This gives an isotropic chemical shielding of 193.0 ppm. To compute the δ13C for any C nucleus i in cellulose, we used:

$$\delta 13{\text{C}}_{\text{i}} = \, 193.0\;{\text{ppm }} - \, \delta 13{\text{C}}_{\text{i}}$$

Results and Discussion

Different conformations of exocyclic groups at C6 (tg, gt and gg)

The interior cellulose chains were used to assess the effects that different conformations of exocyclic groups at C6 (tg, gt and gg conformation) had on the δ13C in cellulose Iβ. Average calculated chemical shifts for each conformation of exocyclic groups at C6 are presented in Table 1. The largest effect was observed on the δ13C4 (Table 1), where, compared to the tg conformation, gt and gg conformations shifted δ13C4 upfield by ~ 1.4, and ~ 6.9 ppm, respectively. Given the moderate standard deviations, the C4 peaks from tg and gt conformations would be indistinguishable within computational error whereas those from gg are outside expected model uncertainties. Consistent with previous results, the gt and gg conformations of C6 shifted the δ13C6 by relatively large values upfield compared to the tg conformation (3 and 3.8 ppm, respectively). This is in good agreement with the CP-MAS NMR experimental finding by Horri et al. (1983) that gg, gt and gt conformations have incremental δ13C6 values of 60–62.6, 62.5–64.5, 65.5–66.5 ppm, respectively. Considering the relatively small standard deviations (0.6 and 0.8 ppm, respectively), these signals are distinguishable from the tg conformer, yet it would be difficult to discern the gt from the gg signal (as observed experimentally where these two peaks are merged).

Table 1 Calculated average δ13C and standard deviations for interior cellulose (ppm). Differences from the tg conformation are listed as “gttg” and “ggtg

δ13C1 for the gt and gg conformations were upfield shifted by ~ 2 ppm compared to the tg conformation, however, the standard deviations were of a higher magnitude and therefore, it was not possible to distinguish between δ13C1 with different C6 conformations. This could explain why the peak separation at the C1 region of 13C NMR spectrum only happens within a small chemical shift range of 2 ppm (Jorgensen et al. 1983; Wang et al. 2016b). Similarly, the 13C2 and 13C5 chemical shifts were shifted by ~ 2 ppm for gt and gg conformations, compared to the tg conformation, though downfield.
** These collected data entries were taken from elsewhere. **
(* Let $X_1,X_2,\dots,X_n$ be independent random variables uniformly distributed on $[0,1]$, observed sequentially; at time $i$, after seeing $X_i$, one must irrevocably decide whether to select it, the selected values being required to form a monotone decreasing sequence $X_{i_1}>X_{i_2}>\cdots>X_{i_k}$ with $i_1<\cdots<i_k$, and decisions may depend only on $X_1,\dots,X_i$. Let $\widetilde V_n$ be the number of values selected under an optimal policy (one maximizing the expected number of selections); equivalently $\mathbb{E}[\widetilde V_n]=\widetilde v_n(1)$ where $\widetilde v_0\equiv0$ and $\widetilde v_n(x)=(1-x)\widetilde v_{n-1}(x)+\int_0^x\max\{\widetilde v_{n-1}(x),1+\widetilde v_{n-1}(y)\}dy$ for $x\in[0,1]$. Then $\mathbb{E}[\widetilde V_n]=\widetilde v_n(1)\le\sqrt{2n}$ for all $n\ge1$. *)

From Stdlib Require Import Reals ClassicalEpsilon.
Open Scope R_scope.

(* The Riemann integral of f over [a,b], as a total function: the (unique)
   value RiemannInt pr for some integrability proof pr; if f is not Riemann
   integrable on [a,b] the value is an unspecified real. *)
Definition Rint (f : R -> R) (a b : R) : R :=
  epsilon (inhabits 0)
    (fun I => exists pr : Riemann_integrable f a b, RiemannInt pr = I).

Fixpoint vt (n : nat) (x : R) : R :=
  match n with
  | O => 0
  | S m => (1 - x) * vt m x + Rint (fun y => Rmax (vt m x) (1 + vt m y)) 0 x
  end.

From Stdlib Require Import Reals ClassicalEpsilon Lra Psatz.
From Coquelicot Require Import Coquelicot.
Open Scope R_scope.

(* Write [bellman v x = (1 - x) v(x) + \int_0^x max(v(x), 1 + v(y)) dy], so that
   [vt (n+1) = bellman (vt n)] as soon as [vt n] is continuous (which makes the
   Riemann integral exist, and holds by induction).  The operator [bellman] is
   monotone, and on [0,1] it maps [c sqrt x] to at most [sqrt (c^2 + 2) sqrt x]:
   after substituting [y = t^2] the integral is piecewise polynomial, with the
   acceptance threshold at [t = sqrt x - 1/c].  Iterating from [vt 0 = 0] gives
   [vt n x <= sqrt (2 n) sqrt x], and [x = 1] is the theorem. *)

Lemma Rint_eq_RInt (f : R -> R) (a b : R) : ex_RInt f a b -> Rint f a b = RInt f a b.
Proof.
  intros Hf. unfold Rint.
  assert (E : exists I, exists pr : Riemann_integrable f a b, RiemannInt pr = I).
  { exists (RiemannInt (ex_RInt_Reals_0 _ _ _ Hf)). eexists; reflexivity. }
  destruct (epsilon_spec (inhabits 0) _ E) as [pr <-].
  symmetry. apply RInt_Reals.
Qed.

Lemma Rmax_Lipschitz_l (a b c : R) : Rabs (Rmax a c - Rmax b c) <= Rabs (a - b).
Proof. unfold Rmax; repeat destruct Rle_dec; apply Rabs_le; split_Rabs; lra. Qed.

Lemma continuous_Rmax_r (c z : R) : continuous (Rmax c) z.
Proof.
  apply filterlim_locally; intros eps. exists eps; intros y Hy.
  change (Rabs (Rmax c y - Rmax c z) < eps). change (Rabs (y - z) < eps) in Hy.
  rewrite (Rmax_comm c y), (Rmax_comm c z).
  eapply Rle_lt_trans; [apply Rmax_Lipschitz_l | exact Hy].
Qed.

Lemma continuous_of_dominated (h B : R -> R) (x : R) :
  continuous B x -> B x = 0 -> (forall u, Rabs (h u - h x) <= B u) -> continuous h x.
Proof.
  intros HB HBx Hh. apply filterlim_locally; intros eps.
  apply (filter_imp (fun u => ball (B x) eps (B u))); [intros u Hu|].
  2:{ exact (proj1 (filterlim_locally B (B x)) HB eps). }
  change (Rabs (B u - B x) < eps) in Hu. change (Rabs (h u - h x) < eps).
  rewrite HBx, Rminus_0_r in Hu.
  eapply Rle_lt_trans; [apply Hh | eapply Rle_lt_trans; [apply Rle_abs | exact Hu]].
Qed.

Lemma continuous_sqrt_nonneg (y : R) : 0 <= y -> continuous sqrt y.
Proof. intros Hy. apply continuity_pt_filterlim, continuity_pt_sqrt, Hy. Qed.

Lemma ex_RInt_Rmax_r (c : R) (g : R -> R) (a b : R) :
  (forall y, Rmin a b <= y <= Rmax a b -> continuous g y) ->
  ex_RInt (fun y => Rmax c (g y)) a b.
Proof.
  intros Hg. apply (@ex_RInt_continuous R_CompleteNormedModule). intros y Hy.
  apply (continuous_comp g (Rmax c)); [now apply Hg | apply continuous_Rmax_r].
Qed.

Definition bellman (v : R -> R) (x : R) : R :=
  (1 - x) * v x + RInt (fun y => Rmax (v x) (1 + v y)) 0 x.

Section ContinuousParameter.

Variable v : R -> R.
Hypothesis v_continuous : forall y, continuous v y.

Lemma continuous_1_plus (y : R) : continuous (fun y => 1 + v y) y.
Proof. apply (continuous_plus (fun _ => 1) v); [apply continuous_const | apply v_continuous]. Qed.

Lemma ex_RInt_Rmax_1_plus (c a b : R) : ex_RInt (fun y => Rmax c (1 + v y)) a b.
Proof. apply ex_RInt_Rmax_r; intros; apply continuous_1_plus. Qed.

Lemma continuous_RInt_Rmax_param (x : R) :
  continuous (fun u => RInt (fun y => Rmax (v u) (1 + v y)) 0 u) x.
Proof.
  set (F c u := RInt (fun y => Rmax c (1 + v y)) 0 u).
  change (continuous (fun u => F (v u) u) x).
  assert (HF : continuous (F (v x)) x).
  { apply (continuous_RInt_1 (fun y => Rmax (v x) (1 + v y)) 0).
    apply filter_forall; intros z.
    apply (RInt_correct (V := R_CompleteNormedModule)), ex_RInt_Rmax_1_plus. }
  assert (Hparam : forall u, Rabs (F (v u) u - F (v x) u) <= Rabs (u - 0) * Rabs (v u - v x)).
  { intros u.
    apply (norm_RInt_le_const_abs (V := R_NormedModule)
             (fun y => Rmax (v u) (1 + v y) - Rmax (v x) (1 + v y))).
    - intros t _. apply Rmax_Lipschitz_l.
    - apply (is_RInt_minus (V := R_NormedModule));
        apply (RInt_correct (V := R_CompleteNormedModule)), ex_RInt_Rmax_1_plus. }
  apply continuous_of_dominated with
    (B := fun u => Rabs u * Rabs (v u - v x) + Rabs (F (v x) u - F (v x) x)).
  - assert (Habs : forall f : R -> R, continuous f x -> continuous (fun u => Rabs (f u)) x).
    { intros f Hf. apply (continuous_comp f Rabs); [exact Hf |].
      apply (continuous_abs (K := R_AbsRing)). }
    apply (continuous_plus (V := R_NormedModule)).
    + apply (continuous_mult (K := R_AbsRing)); apply Habs; [apply continuous_id |].
      apply (continuous_minus (V := R_NormedModule)); [apply v_continuous | apply continuous_const].
    + apply Habs, (continuous_minus (V := R_NormedModule)); [exact HF | apply continuous_const].
  - rewrite !Rminus_eq_0, Rabs_R0. ring.
  - intros u. specialize (Hparam u). rewrite Rminus_0_r in Hparam.
    replace (F (v u) u - F (v x) x)
      with ((F (v u) u - F (v x) u) + (F (v x) u - F (v x) x)) by ring.
    eapply Rle_trans; [apply Rabs_triang | apply Rplus_le_compat_r, Hparam].
Qed.

End ContinuousParameter.

Lemma continuous_bellman (v : R -> R) (x : R) :
  (forall y, continuous v y) -> continuous (bellman v) x.
Proof.
  intros Hv. unfold bellman.
  apply (continuous_plus (V := R_NormedModule)).
  - apply (continuous_mult (K := R_AbsRing)); [| apply Hv].
    apply (continuous_minus (V := R_NormedModule)); [apply continuous_const | apply continuous_id].
  - now apply continuous_RInt_Rmax_param.
Qed.

Lemma vt_S_bellman (n : nat) (x : R) :
  (forall y, continuous (vt n) y) -> vt (S n) x = bellman (vt n) x.
Proof.
  intros Hv. simpl. unfold bellman. rewrite Rint_eq_RInt; [reflexivity |].
  now apply ex_RInt_Rmax_1_plus.
Qed.

Lemma continuous_vt (n : nat) (x : R) : continuous (vt n) x.
Proof.
  revert x; induction n as [| n IHn]; intros x.
  - apply continuous_const.
  - apply (continuous_ext (bellman (vt n))).
    + intros y. symmetry. now apply vt_S_bellman.
    + now apply continuous_bellman.
Qed.

Lemma bellman_le (v w : R -> R) (x : R) :
  (forall y, 0 <= y <= 1 -> continuous v y) ->
  (forall y, 0 <= y <= 1 -> continuous w y) ->
  (forall y, 0 <= y <= 1 -> v y <= w y) ->
  0 <= x <= 1 -> bellman v x <= bellman w x.
Proof.
  intros Hv Hw Hvw Hx. unfold bellman.
  assert (Hint : forall (u : R -> R) c, (forall y, 0 <= y <= 1 -> continuous u y) ->
            ex_RInt (fun y => Rmax c (1 + u y)) 0 x).
  { intros u c Hu. apply ex_RInt_Rmax_r. rewrite Rmin_left, Rmax_right by lra. intros y Hy.
    apply (continuous_plus (fun _ => 1) u); [apply continuous_const | apply Hu; lra]. }
  apply Rplus_le_compat.
  - apply Rmult_le_compat_l; [lra | apply Hvw; lra].
  - apply RInt_le; [lra | now apply Hint | now apply Hint |].
    intros y Hy. apply Rmax_le_compat; [apply Hvw; lra |].
    apply Rplus_le_compat_l, Hvw; lra.
Qed.

Lemma RInt_subst_sqrt (f : R -> R) (x : R) :
  0 <= x -> (forall y, 0 <= y <= x -> continuous f y) ->
  RInt f 0 x = RInt (fun t => 2 * t * f (t * t)) 0 (sqrt x).
Proof.
  intros Hx Hf.
  assert (Hs : 0 <= sqrt x) by apply sqrt_pos.
  transitivity (RInt f (0 * 0) (sqrt x * sqrt x)).
  { now rewrite Rmult_0_l, sqrt_sqrt. }
  rewrite <- (RInt_comp f (fun t => t * t) (fun t => 2 * t)); [reflexivity | |].
  - rewrite Rmin_left, Rmax_right by lra. intros t Ht. apply Hf.
    assert (sqrt x * sqrt x = x) by (apply sqrt_sqrt; lra). split; nra.
  - intros t _. split; [auto_derive; [trivial | ring] |].
    apply (ex_derive_continuous (V := R_NormedModule)); auto_derive; trivial.
Qed.

Lemma RInt_antiderivative (F f : R -> R) (a b : R) :
  (forall t : R, is_derive F t (f t)) -> (forall t : R, continuous f t) ->
  RInt f a b = F b - F a.
Proof.
  intros HF Hf. apply is_RInt_unique.
  apply (is_RInt_derive (V := R_CompleteNormedModule)); auto.
Qed.

Lemma RInt_weight_Rmax_low (c k s : R) : 0 <= c -> 0 <= s -> k <= 1 ->
  RInt (fun t => 2 * t * Rmax k (1 + c * t)) 0 s = s * s + 2 / 3 * c * (s * s * s).
Proof.
  intros Hc Hs Hk.
  rewrite (RInt_ext _ (fun t => 2 * t * (1 + c * t))).
  2:{ rewrite Rmin_left, Rmax_right by lra. intros t Ht. rewrite Rmax_right; nra. }
  rewrite (RInt_antiderivative (fun t => t * t + 2 / 3 * c * (t * t * t))).
  - lra.
  - intros t. auto_derive; [trivial | field].
  - intros t. apply (ex_derive_continuous (V := R_NormedModule)). auto_derive. trivial.
Qed.

Lemma RInt_weight_Rmax_split (c t0 s : R) : 0 < c -> 0 <= t0 <= s ->
  RInt (fun t => 2 * t * Rmax (1 + c * t0) (1 + c * t)) 0 s
  = (1 + c * t0) * (t0 * t0) + (s * s + 2 / 3 * c * (s * s * s))
    - (t0 * t0 + 2 / 3 * c * (t0 * t0 * t0)).
Proof.
  intros Hc Ht0.
  set (k := 1 + c * t0).
  assert (Hcont : forall t : R, continuous (fun t => 2 * t * Rmax k (1 + c * t)) t).
  { intros t. apply (continuous_mult (K := R_AbsRing)).
    - apply (ex_derive_continuous (V := R_NormedModule)). auto_derive. trivial.
    - apply (continuous_comp (fun t => 1 + c * t) (Rmax k)); [| apply continuous_Rmax_r].
      apply (ex_derive_continuous (V := R_NormedModule)). auto_derive. trivial. }
  assert (Hex : forall a b, ex_RInt (fun t => 2 * t * Rmax k (1 + c * t)) a b).
  { intros a b. apply (@ex_RInt_continuous R_CompleteNormedModule). auto. }
  rewrite <- (RInt_Chasles (V := R_CompleteNormedModule) _ 0 t0 s) by apply Hex.
  change (plus ?p ?q) with (p + q).
  rewrite (RInt_ext _ (fun t => 2 * t * k) 0 t0).
  2:{ rewrite Rmin_left, Rmax_right by lra. intros t Ht. rewrite Rmax_left; unfold k; nra. }
  rewrite (RInt_ext _ (fun t => 2 * t * (1 + c * t)) t0 s).
  2:{ rewrite Rmin_left, Rmax_right by lra. intros t Ht. rewrite Rmax_right; unfold k; nra. }
  rewrite (RInt_antiderivative (fun t => k * (t * t))).
  - rewrite (RInt_antiderivative (fun t => t * t + 2 / 3 * c * (t * t * t))).
    + lra.
    + intros t. auto_derive; [trivial | field].
    + intros t. apply (ex_derive_continuous (V := R_NormedModule)). auto_derive. trivial.
  - intros t. auto_derive; [trivial | ring].
  - intros t. apply (ex_derive_continuous (V := R_NormedModule)). auto_derive. trivial.
Qed.

Lemma bellman_sqrt_eq (c x : R) : 0 <= x ->
  bellman (fun y => c * sqrt y) x
  = (1 - x) * (c * sqrt x) + RInt (fun t => 2 * t * Rmax (c * sqrt x) (1 + c * t)) 0 (sqrt x).
Proof.
  intros Hx. unfold bellman. f_equal.
  rewrite RInt_subst_sqrt; [| exact Hx |].
  - apply RInt_ext. rewrite Rmin_left, Rmax_right by apply sqrt_pos.
    intros t Ht. rewrite sqrt_square by lra. reflexivity.
  - intros y Hy. apply (continuous_comp (fun y => 1 + c * sqrt y) (Rmax (c * sqrt x)));
      [| apply continuous_Rmax_r].
    apply (continuous_plus (V := R_NormedModule)); [apply continuous_const |].
    apply (continuous_mult (K := R_AbsRing)); [apply continuous_const |].
    apply continuous_sqrt_nonneg; lra.
Qed.

Lemma accept_all_gain_le (c s d : R) :
  0 <= c -> 0 <= s <= 1 -> c * s <= 1 -> d * d = c * c + 2 -> 0 <= d ->
  c + s - c * (s * s) / 3 <= d.
Proof.
  intros Hc Hs Hcs Hd Hd0.
  assert (Hg0 : 0 <= c + s - c * (s * s) / 3) by nra.
  enough (Hsq : (c + s - c * (s * s) / 3) * (c + s - c * (s * s) / 3) <= c * c + 2) by nra.
  destruct (Rle_lt_dec c 1) as [Hc1 | Hc1].
  - assert (Hg : c + s - c * (s * s) / 3 <= 1 + 2 * c / 3).
    { assert (0 <= (1 - s) * (3 - c * (1 + s))) by (apply Rmult_le_pos; nra). nra. }
    nra.
  - assert (Hg : c * (c + s - c * (s * s) / 3) <= c * c + 2 / 3) by nra.
    nra.
Qed.

Lemma threshold_gain_le (c e d : R) :
  1 <= c -> c * e = 1 -> d * d = c * c + 2 -> 0 <= d -> c + e - e * e / 3 <= d.
Proof.
  intros Hc Hce Hd Hd0.
  assert (He : 0 < e <= 1) by nra.
  enough (Hsq : (c + e - e * e / 3) * (c + e - e * e / 3) <= c * c + 2) by nra.
  nra.
Qed.

Lemma bellman_sqrt_le (c x : R) : 0 <= c -> 0 <= x <= 1 ->
  bellman (fun y => c * sqrt y) x <= sqrt (c * c + 2) * sqrt x.
Proof.
  intros Hc Hx. rewrite bellman_sqrt_eq by lra.
  set (s := sqrt x). set (d := sqrt (c * c + 2)).
  assert (Hs : 0 <= s) by apply sqrt_pos.
  assert (Hx_s : x = s * s) by (symmetry; apply sqrt_sqrt; lra).
  assert (Hs1 : s <= 1) by nra.
  assert (Hd : d * d = c * c + 2) by (apply sqrt_sqrt; nra).
  assert (Hd0 : 0 <= d) by apply sqrt_pos.
  rewrite Hx_s.
  destruct (Rle_lt_dec (c * s) 1) as [Hcs | Hcs].
  - rewrite RInt_weight_Rmax_low by lra.
    assert (Hg : c + s - c * (s * s) / 3 <= d).
    { apply accept_all_gain_le; lra. }
    nra.
  - assert (Hc1 : 1 <= c).
    { assert (c * s <= c * 1) by (apply Rmult_le_compat_l; lra). lra. }
    set (e := / c).
    assert (Hce : c * e = 1) by (unfold e; field; lra).
    assert (He : 0 < e) by (unfold e; apply Rinv_0_lt_compat; lra).
    set (t0 := s - e).
    replace (c * s) with (1 + c * t0) by (unfold t0; lra).
    rewrite RInt_weight_Rmax_split by (unfold t0; nra).
    assert (Hval : (1 - s * s) * (1 + c * t0)
                   + ((1 + c * t0) * (t0 * t0) + (s * s + 2 / 3 * c * (s * s * s))
                      - (t0 * t0 + 2 / 3 * c * (t0 * t0 * t0)))
                   = s * (c + e) - e * e / 3).
    { unfold t0, e. field. lra. }
    rewrite Hval.
    assert (Hgain := threshold_gain_le c e d Hc1 Hce Hd Hd0).
    assert (Hdce : d <= c + e).
    { assert ((c + e) * (c + e) = d * d + e * e).
      { rewrite Hd. replace ((c + e) * (c + e)) with (c * c + 2 * (c * e) + e * e) by ring.
        rewrite Hce. ring. }
      nra. }
    nra.
Qed.

Lemma vt_le_sqrt (n : nat) (x : R) : 0 <= x <= 1 -> vt n x <= sqrt (2 * INR n) * sqrt x.
Proof.
  revert x; induction n as [| n IHn]; intros x Hx.
  - simpl. apply Rmult_le_pos; apply sqrt_pos.
  - rewrite vt_S_bellman by apply continuous_vt.
    set (c := sqrt (2 * INR n)).
    assert (Hc : c * c + 2 = 2 * INR (S n)).
    { unfold c. rewrite sqrt_sqrt, S_INR; [ring |]. pose proof (pos_INR n). lra. }
    rewrite <- Hc.
    apply Rle_trans with (bellman (fun y => c * sqrt y) x).
    2:{ apply bellman_sqrt_le; [apply sqrt_pos | exact Hx]. }
    apply bellman_le; [intros; apply continuous_vt | | exact IHn | exact Hx].
    intros y Hy. apply (continuous_mult (K := R_AbsRing)); [apply continuous_const |].
    apply continuous_sqrt_nonneg. lra.
Qed.

Theorem mainTheorem4 (n : nat) (hn : (1 <= n)%nat) : vt n 1 <= sqrt (2 * INR n).
Proof.
  pose proof (vt_le_sqrt n 1 ltac:(lra)) as H. rewrite sqrt_1, Rmult_1_r in H. exact H.
Qed.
Despite the standard deviations being reduced compared to the 13C1 chemical shifts, it would be difficult to distinguish the peaks resulting from the different C6 conformations, and also from each other. Interestingly, the changing C6 conformations had a negligible effect on the 13C3 chemical shifts, and these peaks would also merge with the 13C2 and 13C5 chemical shifts in an experimental spectrum.

Effects of H2O H-bonding on the surface

Two sets of NMR calculations were conducted on each 4 × 3 × 4 clusters with three different conformations of the C6 exocyclic group (tg, gt and gg) to investigate the effect of changing C6 conformation for surface chains, and of H2O H-bonding. One set of NMR calculation was conducted with H2O molecules to mimic the cellulose microfibril in contact with water while the other set was conducted without any solvent molecules (in vacuum/gas state), to represent the cellulose microfibril in a dried state. In order to compare how these two conditions would affect 13sC NMR chemical shifts (sC: C on the surface), we averaged the calculated chemical shifts at surface chains for each conformation of exocyclic groups at C6, as shown in supplementary Tables S2 and S3. We found that surface chains in a vacuum environment/dried state had downfield shifted δ13sC4 (by ~ 1–2 ppm), compared to interior chains. On the contrary, H2O molecules cause an upfield shift (1 ± 1 ppm) in all 13sC NMR chemical shifts except for δ13sC4. For different C6 conformations δ13sC4 values could be shifted either upfield or downfield depending on hydration (Table 2). We emphasize that the standard deviations in these averages are significant which means that the individual δ13sC4 values could differ by 3–4 ppm from the δ13sC4 values (e.g., tg(s) − tg(i) 1.5 ± 1.7 = 3.2 ppm). Consequently, dehydration of cellulose could mimic tg to gt rotations as far as the δ13sC4 is concerned.

Table 2 Effect of water or vacuum/dried state on the calculated δ13C4 of glucose units on the surface (ppm)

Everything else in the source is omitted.